Она ведёт пальцем по его голове, покрытой разноцветной порослью, и указывает на те или иные места на его черепе, как обычно указывают на страны и города на глобусе:
- Твоя левая лобная доля содержит аналитические и вычислительные таланты семерых ребят, гениально одарённых в области физики и математики.

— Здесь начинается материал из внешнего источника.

(* Let $e_1,e_2$ be a basis of $\mathbb{Z}^2$. Up to isomorphism, the smooth toric varieties admitting a proper birational toric morphism to $\mathbb{A}^2$ and having nef anticanonical divisor are $\mathbb{A}^2$ and the varieties $Z_m$ ($m\ge1$), where $Z_m$ is the toric variety whose fan has maximal cones $\mathrm{cone}(e_1,e_1+e_2)$, $\mathrm{cone}(e_1+e_2,e_1+2e_2)$, $\dots$, $\mathrm{cone}(e_1+(m-1)e_2,e_1+me_2)$, $\mathrm{cone}(e_1+me_2,e_2)$.
   Context: $\mathbb{A}^2$ is the toric variety with fan $\mathrm{cone}(e_1,e_2)$ and its faces; toric varieties birationally proper over $\mathbb{A}^2$ correspond to fans subdividing $\mathrm{cone}(e_1,e_2)$. *)

(* Combinatorial (toric-dictionary) encoding of smooth toric
   surfaces that are proper and birational over A^2 = X(cone(e1,e2)). *)
From mathcomp Require Import all_boot all_order all_algebra.
Set Implicit Arguments. Unset Strict Implicit. Unset Printing Implicit Defensive.
Import Order.TTheory GRing.Theory Num.Theory.
Local Open Scope ring_scope.

Definition vec := (int * int)%type.
Definition e1 : vec := (1, 0).
Definition e2 : vec := (0, 1).
Definition det2 (u v : vec) : int := u.1 * v.2 - u.2 * v.1.

(* A fan subdividing cone(e1,e2) (i.e. a toric variety with a proper birational
   toric morphism to A^2) is given by its rays listed counterclockwise
   s = [v_0 = e1; v_1; ...; v_n = e2], all in the quadrant, with maximal cones
   cone(v_i, v_{i+1}).  Smoothness: each (v_i, v_{i+1}) is a Z-basis
   (positively oriented: det = 1). *)
Definition ray (s : seq vec) (i : nat) : vec := nth (0, 0) s i.

Definition smooth_quadrant_fan (s : seq vec) : Prop :=
  [/\ (1 < size s)%N,
      ray s 0 = e1,
      ray s (size s).-1 = e2,
      (forall i, (i < size s)%N -> 0 <= (ray s i).1 /\ 0 <= (ray s i).2) &
      (forall i, (i.+1 < size s)%N -> det2 (ray s i) (ray s i.+1) = 1)].

Definition maxcone (s : seq vec) (u v : vec) : Prop :=
  exists i, (i.+1 < size s)%N /\
    ((u = ray s i /\ v = ray s i.+1) \/ (u = ray s i.+1 /\ v = ray s i)).

(* isomorphism of toric varieties = lattice automorphism carrying the fan
   onto the other fan (for 2-dim fans determined by the maximal cones) *)
Definition lin (a b c d : int) (v : vec) : vec :=
  (a * v.1 + b * v.2, c * v.1 + d * v.2).

Definition toric_iso (s t : seq vec) : Prop :=
  exists a b c d : int,
    (a * d - b * c = 1 \/ a * d - b * c = -1) /\
    forall u v, maxcone s u v <-> maxcone t (lin a b c d u) (lin a b c d v).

В твоей правой лобной доле соединились творческие способности полутора десятков поэтов, художников и музыкантов. В твоей затылочной доле содержатся пучки нейронов от бесчисленных расплётов с фотографической памятью, а в твоём языковом центре заложено знание девяти языков. Всё это лишь ждёт своего пробуждения.
Роберта берёт Кэма за подбородок и поворачивает его лицо к себе. Её глаза, такие далёкие в зеркале, теперь всего в каких-то дюймах от его глаз. Он заворожён силой её взгляда.
- Anata wa randamu de wa nai, Cam, - говорит она. - Anata wa interijento ni sekkei sa rete imasu.
И Кэм понимает, чтó она только что сказала: "Ты не случайное нагромождение разных частей, Кэм. Ты скрупулёзно сконструирован. Ты - шедевр дизайнерского искусства". Он понятия не имеет, что это за язык, но всё равно - смысл ему ясен.